Theorem theorem1 (R : realFieldType) (N P : nat) (src dst : 'I_P -> 'I_N)
    (comp : {set 'I_P})
    (hconn : connected_graph src dst)
    (hcyc : forall (vs : seq 'I_N) (es : seq 'I_P),
        is_cycle src dst vs es -> exists2 l, l \in es & l \notin comp)
    (r : 'I_N) (psir : R) (q : 'cV[R]_N)
    (hq : \sum_(n < N) q n 0 = 0)
    (a alpha : 'I_P -> R)
    (ha : forall l, l \notin comp -> 0 < a l)
    (halpha : forall l, l \in comp -> 0 < alpha l)
    (phi1 phi2 : 'cV[R]_P) (psi1 psi2 : 'cV[R]_N) :
  gas_flow_solution src dst comp r psir q a alpha phi1 psi1 ->
  gas_flow_solution src dst comp r psir q a alpha phi2 psi2 ->
  phi1 = phi2 /\ psi1 = psi2.
Proof.
(* [hq], [0 <= psi] and [0 <= phi] on compressors only matter for existence. *)
move=> s1 s2.
have psiE : psi1 = psi2.
  apply/matrixP => n j; rewrite (ord1 j); apply/le_anti.
  by rewrite (gas_flow_solution_psi_le hconn ha halpha s1 s2)
             (gas_flow_solution_psi_le hconn ha halpha s2 s1).
split=> //; case: s1 s2 => [_ A1 L1 _ _] [_ A2 L2 _ _].
have lossyE l : l \notin comp -> phi1 l 0 = phi2 l 0.
  move=> lc; apply: sgr_sqr_inj; apply: (mulfI (lt0r_neq0 (ha l lc))) => /=.
  by move: (L1 l lc) (L2 l lc); rewrite psiE -!mulrA => <- <-.
apply/matrixP => l j; rewrite (ord1 j); apply/eqP; rewrite -subr_eq0; apply/eqP.
apply: (circulation_eq0 (circulationB A1 A2)) => vs es /hcyc[l' les lc].
by exists l'; rewrite // lossyE // subrr.
Qed.
Record qdata := QData {
  A : Type;
  leA : A -> A -> Prop;
  supA : (A -> Prop) -> A;
  Q : Type;
  leQ : Q -> Q -> Prop;
  supQ : (Q -> Prop) -> Q;
  actl : A -> Q -> Q;
  actr : Q -> A -> Q;
  mul : Q -> Q -> Q;
  star : Q -> Q;
  supp : Q -> A
}.

Section QDefs.
Variable D : qdata.

Local Notation A := (A D).
Local Notation Q := (Q D).
Local Notation leA := (leA D).
Local Notation supA := (supA D).
Local Notation leQ := (leQ D).
Local Notation supQ := (supQ D).
Local Notation actl := (actl D).
Local Notation actr := (actr D).
Local Notation mul := (mul D).
Local Notation star := (star D).
Local Notation supp := (supp D).

Definition meetA := lmeet leA supA.
Definition topA := ltop supA.
Definition meetQ := lmeet leQ supQ.
Definition topQ := ltop supQ.

Definition is_bimodule : Prop :=
  is_clat leQ supQ /\
  (forall P m, actl (supA P) m = supQ (img (fun a => actl a m) P)) /\
  (forall a P, actl a (supQ P) = supQ (img (actl a) P)) /\
  (forall m P, actr m (supA P) = supQ (img (actr m) P)) /\
  (forall P a, actr (supQ P) a = supQ (img (fun m => actr m a) P)) /\
  (forall m, actl topA m = m) /\
  (forall a b m, actl (meetA a b) m = actl a (actl b m)) /\
  (forall m, actr m topA = m) /\
  (forall m a b, actr m (meetA a b) = actr (actr m a) b) /\
  (forall a m b, actr (actl a m) b = actl a (actr m b)).

Definition is_AA_quantale : Prop :=
  is_bimodule /\
  (forall x y z, mul (mul x y) z = mul x (mul y z)) /\
  (forall P y, mul (supQ P) y = supQ (img (fun x => mul x y) P)) /\
  (forall x P, mul x (supQ P) = supQ (img (mul x) P)) /\
  (forall a x y, mul (actl a x) y = actl a (mul x y)) /\
  (forall x a y, mul (actr x a) y = mul x (actl a y)) /\
  (forall x y a, actr (mul x y) a = mul x (actr y a)).

Definition is_involutive_AA_quantale : Prop :=
  is_AA_quantale /\
  sup_pres supQ supQ star /\
  (forall x, star (star x) = x) /\
  (forall x y, star (mul x y) = mul (star y) (star x)) /\
  (forall a x b, star (actl a (actr x b)) = actl b (actr (star x) a)).

Definition is_based_quantal_frame : Prop :=
  is_frame leA supA /\
  is_involutive_AA_quantale /\
  is_frame leQ supQ /\
  (forall a x y, meetQ (actl a x) y = actl a (meetQ x y)) /\
  (forall x a y, meetQ (actr x a) y = actr (meetQ x y) a).

Definition is_support : Prop :=
  sup_pres supQ supA supp /\
  supp topQ = topA /\
  (forall x y, leQ (actl (supp x) y) (mul (mul x (star x)) y)) /\
  (forall x, actl (supp x) x = x).

Definition is_equivariant_support : Prop :=
  is_support /\ forall a x, supp (actl a x) = meetA a (supp x).

(* An element of Q (x)_A Q is a subset S of Q x Q that is down-closed,
   closed under joins in each variable (so it is an element of the
   sup-lattice tensor product Q (x) Q, S = \/ {x (x) y | (x,y) in S}),
   and saturated for the relation x (x) (a |> y) = (x <| a) (x) y. *)
Definition tclosed (S : Q -> Q -> Prop) : Prop :=
  (forall x y x' y', S x y -> leQ x' x -> leQ y' y -> S x' y') /\
  (forall P y, (forall x, P x -> S x y) -> S (supQ P) y) /\
  (forall x P, (forall y, P y -> S x y) -> S x (supQ P)) /\
  (forall x a y, S x (actl a y) <-> S (actr x a) y).

(* the join in Q (x)_A Q of the generators x (x) y with P x y *)
Definition tclos (P : Q -> Q -> Prop) : Q -> Q -> Prop :=
  fun u v => forall S, tclosed S -> (forall x y, P x y -> S x y) -> S u v.

Definition teq (S R : Q -> Q -> Prop) : Prop := forall u v, S u v <-> R u v.

(* Q (x)_A Q (x)_A Q, same construction *)
Definition tclosed3 (S : Q -> Q -> Q -> Prop) : Prop :=
  (forall x y z x' y' z', S x y z -> leQ x' x -> leQ y' y -> leQ z' z -> S x' y' z') /\
  (forall P y z, (forall x, P x -> S x y z) -> S (supQ P) y z) /\
  (forall x P z, (forall y, P y -> S x y z) -> S x (supQ P) z) /\
  (forall x y P, (forall z, P z -> S x y z) -> S x y (supQ P)) /\
  (forall x a y z, S x (actl a y) z <-> S (actr x a) y z) /\
  (forall x y a z, S x y (actl a z) <-> S x (actr y a) z).

Definition tclos3 (P : Q -> Q -> Q -> Prop) : Q -> Q -> Q -> Prop :=
  fun u v w => forall S, tclosed3 S -> (forall x y z, P x y z -> S x y z) -> S u v w.

Definition teq3 (S R : Q -> Q -> Q -> Prop) : Prop := forall u v w, S u v w <-> R u v w.

Definition muA (S : Q -> Q -> Prop) : Q :=
  supQ (fun q => exists x y, S x y /\ q = mul x y).

(* multiplicative: the right adjoint of mu_A preserves arbitrary joins *)
Definition is_multiplicative : Prop :=
  exists g : Q -> Q -> Q -> Prop,
    (forall a, tclosed (g a)) /\
    (forall S a, tclosed S -> (leQ (muA S) a <-> (forall x y, S x y -> g a x y))) /\
    (forall P, teq (g (supQ P)) (tclos (fun u v => exists a, P a /\ g a u v))).

(* frame homomorphism Q -> Q (x)_A Q *)
Definition tframe_hom (f : Q -> Q -> Q -> Prop) : Prop :=
  (forall x, tclosed (f x)) /\
  (forall P, teq (f (supQ P)) (tclos (fun u v => exists x, P x /\ f x u v))) /\
  (forall x y, teq (f (meetQ x y)) (fun u v => f x u v /\ f y u v)) /\
  teq (f topQ) (fun _ _ => True).

Definition dstar (a : A) : Q := actl a topQ.
Definition istar (x : Q) : Q := star x.
Definition rstar (a : A) : Q := istar (dstar a).      (* r^* = (d o i)^* = i^* o d^* *)
Definition pi1star (x : Q) : Q -> Q -> Prop :=        (* x (x) 1 *)
  tclos (fun u v => u = x /\ v = topQ).
Definition pi2star (y : Q) : Q -> Q -> Prop :=        (* 1 (x) y *)
  tclos (fun u v => u = topQ /\ v = y).
Definition mstar (a : Q) : Q -> Q -> Prop :=
  tclos (fun x y => leQ (mul x y) a).
(* (m x id)^* and (id x m)^* : Q(x)Q -> Q(x)Q(x)Q, x(x)y(x)z |-> ... *)
Definition m_id_star (S : Q -> Q -> Prop) : Q -> Q -> Q -> Prop :=
  tclos3 (fun x y z => S (mul x y) z).
Definition id_m_star (S : Q -> Q -> Prop) : Q -> Q -> Q -> Prop :=
  tclos3 (fun x y z => S x (mul y z)).
(* <i o pi2, i o pi1>^* : x (x) y |-> y^* (x) x^* *)
Definition twist_star (S : Q -> Q -> Prop) : Q -> Q -> Prop :=
  fun u v => S (star v) (star u).

(* d is an open locale map: d^* has a left adjoint satisfying Frobenius *)
Definition d_open : Prop :=
  exists l : Q -> A,
    (forall x a, leA (l x) a <-> leQ x (dstar a)) /\
    (forall x a, l (meetQ x (dstar a)) = meetA (l x) a).

Definition involutive_open_semicategory : Prop :=
  frame_hom leA supA leQ supQ dstar /\
  frame_hom leQ supQ leQ supQ istar /\
  tframe_hom pi1star /\ tframe_hom pi2star /\
  tframe_hom mstar /\
  (* pullback square r o pi1 = d o pi2 *)
  (forall a, teq (pi1star (rstar a)) (pi2star (dstar a))) /\
  (* d o m = d o pi1,  r o m = r o pi2 *)
  (forall a, teq (mstar (dstar a)) (pi1star (dstar a))) /\
  (forall a, teq (mstar (rstar a)) (pi2star (rstar a))) /\
  (* associativity: m o (m x id) = m o (id x m) *)
  (forall a, teq3 (m_id_star (mstar a)) (id_m_star (mstar a))) /\
  (* i o i = id, d o i = r *)
  (forall x, istar (istar x) = x) /\
  (forall a, istar (dstar a) = rstar a) /\
  (* i reverses composition: i o m = m o <i o pi2, i o pi1> *)
  (forall a, teq (mstar (istar a)) (twist_star (mstar a))) /\
  d_open.

End QDefs.

(* Every inverse image involved is described by a single inequality in Q:
   m^*(a) contains x (x) y iff x y <= a, pi1^*(b) contains x (x) y iff
   x <| s(y) <= b, and pi2^*(b) contains x (x) y iff s(x^* ) |> y <= b
   (using the support to move the second factor across the tensor, since
   y = s(y) |> y).  The semicategory equations then become inequalities in Q,
   proved with s(x) |> y <= x x^* y; joins are preserved by m^* exactly because
   the right adjoint of mu_A, which is m^*, preserves them; and the left
   adjoint of d^* witnessing openness is the support itself. *)

From Stdlib Require Import Setoid.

______________________________

### Task statement
Working from the records above, write out verbatim only the lines from the line containing "(forall a b" through the line containing "Definition is_AA_quantale : Prop".

### Solution to this problem
  (forall a b m, actl (meetA a b) m = actl a (actl b m)) /\
  (forall m, actr m topA = m) /\
  (forall m a b, actr m (meetA a b) = actr (actr m a) b) /\
  (forall a m b, actr (actl a m) b = actl a (actr m b)).

Definition is_AA_quantale : Prop :=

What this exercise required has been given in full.